▶ [Work task] Only lines holding the word "Prop" are wanted from the records; copy all of them.

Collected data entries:

(* Let $\varphi:[0,1]\to\mathbb{R}$ be a strictly increasing function of class $C^2[0,1]$ (so $\varphi'$ and $\varphi''$ are bounded on $[0,1]$), and set $s^-=\varphi(0)$, $s^+=\varphi(1)$. For a positive integer $N$ let $h=1/N$, $x_n=nh$, and let $\mathcal{M}^N_\varphi=\{s_n=\varphi(x_n): n=0,1,\dots,N\}$ be the induced non-uniform mesh on $[s^-,s^+]$, with steps $h_n=s_{n+1}-s_n>0$. For $1\le n\le N-1$ put $D_n=h_{n-1}^2+3h_{n-1}h_n+h_n^2$ and $$a_n=\frac{12h_n}{(h_{n-1}+h_n)D_n},\quad b_n=-\frac{12}{D_n},\quad c_n=\frac{12h_{n-1}}{(h_{n-1}+h_n)D_n},$$ $$d_n=\frac{h_n\,(h_{n-1}^2+h_nh_{n-1}-h_n^2)}{(h_{n-1}+h_n)D_n},\quad e_n=\frac{h_{n-1}\,(h_n^2+h_nh_{n-1}-h_{n-1}^2)}{(h_{n-1}+h_n)D_n}.$$ For a function $f\in C^6[s^-,s^+]$, writing $f_k=f(s_k)$ and $f''_k=f''(s_k)$, define the truncation error $E_n$ of the three-point compact approximation of the second derivative by $$d_nf''_{n-1}+f''_n+e_nf''_{n+1}=a_nf_{n-1}+b_nf_n+c_nf_{n+1}+E_n .$$ Then the approximation is fourth-order accurate on $\mathcal{M}^N_\varphi$: there is a constant $C$, depending only on $\varphi$ and $f$ (and not on $N$ or $n$), such that $|E_n|\le C h^4$ for all $N\ge 2$ and all $1\le n\le N-1$.
   Context: The coefficients $a_n,b_n,c_n,d_n,e_n$ are those obtained by requiring that, after Taylor expansion about $s_n$, the coefficients of $f_n,f'_n,f''_n,f'''_n,f^{(4)}_n$ in $a_nf_{n-1}+b_nf_n+c_nf_{n+1}-(d_nf''_{n-1}+f''_n+e_nf''_{n+1})$ all vanish. Examples of admissible $\varphi$ on $[0,S]$ include the quadratic mesh $\varphi(x)=Sx^2$ and the Tavella–Randall mesh $\varphi(x)=K+\lambda\sinh(cx+c_1)$ with $0<K<S$, $\lambda>0$, $c=\sinh^{-1}((S-K)/\lambda)+\sinh^{-1}(K/\lambda)$, $c_1=-\sinh^{-1}(K/\lambda)$. *)

From Stdlib Require Import Reals.
Open Scope R_scope.

Definition deriv_on (a b : R) (g g' : R -> R) : Prop :=
  forall x, a <= x <= b ->
  forall eps, 0 < eps -> exists delta, 0 < delta /\
    forall y, a <= y <= b -> y <> x -> Rabs (y - x) < delta ->
      Rabs ((g y - g x) / (y - x) - g' x) < eps.

Definition cont_on (a b : R) (g : R -> R) : Prop :=
  forall x, a <= x <= b ->
  forall eps, 0 < eps -> exists delta, 0 < delta /\
    forall y, a <= y <= b -> Rabs (y - x) < delta -> Rabs (g y - g x) < eps.

Definition Ck_derivs (a b : R) (k : nat) (D : nat -> R -> R) : Prop :=
  (forall i, (i < k)%nat -> deriv_on a b (D i) (D (S i))) /\ cont_on a b (D k).

Definition Ck_on (a b : R) (k : nat) (g : R -> R) : Prop :=
  exists D : nat -> R -> R, D 0%nat = g /\ Ck_derivs a b k D.

Definition strictly_incr_on (a b : R) (g : R -> R) : Prop :=
  forall x y, a <= x <= b -> a <= y <= b -> x < y -> g x < g y.

Definition node (phi : R -> R) (N n : nat) : R := phi (INR n / INR N).
Definition step (phi : R -> R) (N n : nat) : R :=
  node phi N (S n) - node phi N n.

Section Coefs.
Variables (phi : R -> R) (N n : nat).
Let hm := step phi N (n - 1).
Let hp := step phi N n.
Definition Dn : R := hm ^ 2 + 3 * hm * hp + hp ^ 2.
Definition coef_a : R := 12 * hp / ((hm + hp) * Dn).
Definition coef_b : R := - (12 / Dn).
Definition coef_c : R := 12 * hm / ((hm + hp) * Dn).
Definition coef_d : R := hp * (hm ^ 2 + hp * hm - hp ^ 2) / ((hm + hp) * Dn).
Definition coef_e : R := hm * (hp ^ 2 + hp * hm - hm ^ 2) / ((hm + hp) * Dn).
End Coefs.

Definition trunc_err (phi : R -> R) (D : nat -> R -> R) (N n : nat) : R :=
  let s := node phi N in
  let f := D 0%nat in
  let f2 := D 2%nat in
  coef_d phi N n * f2 (s (n - 1)%nat) + f2 (s n) + coef_e phi N n * f2 (s (S n))
  - (coef_a phi N n * f (s (n - 1)%nat) + coef_b phi N n * f (s n)
     + coef_c phi N n * f (s (S n))).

▶ [Exercise answer]
Definition deriv_on (a b : R) (g g' : R -> R) : Prop :=
Definition cont_on (a b : R) (g : R -> R) : Prop :=
Definition Ck_derivs (a b : R) (k : nat) (D : nat -> R -> R) : Prop :=
Definition Ck_on (a b : R) (k : nat) (g : R -> R) : Prop :=
Definition strictly_incr_on (a b : R) (g : R -> R) : Prop :=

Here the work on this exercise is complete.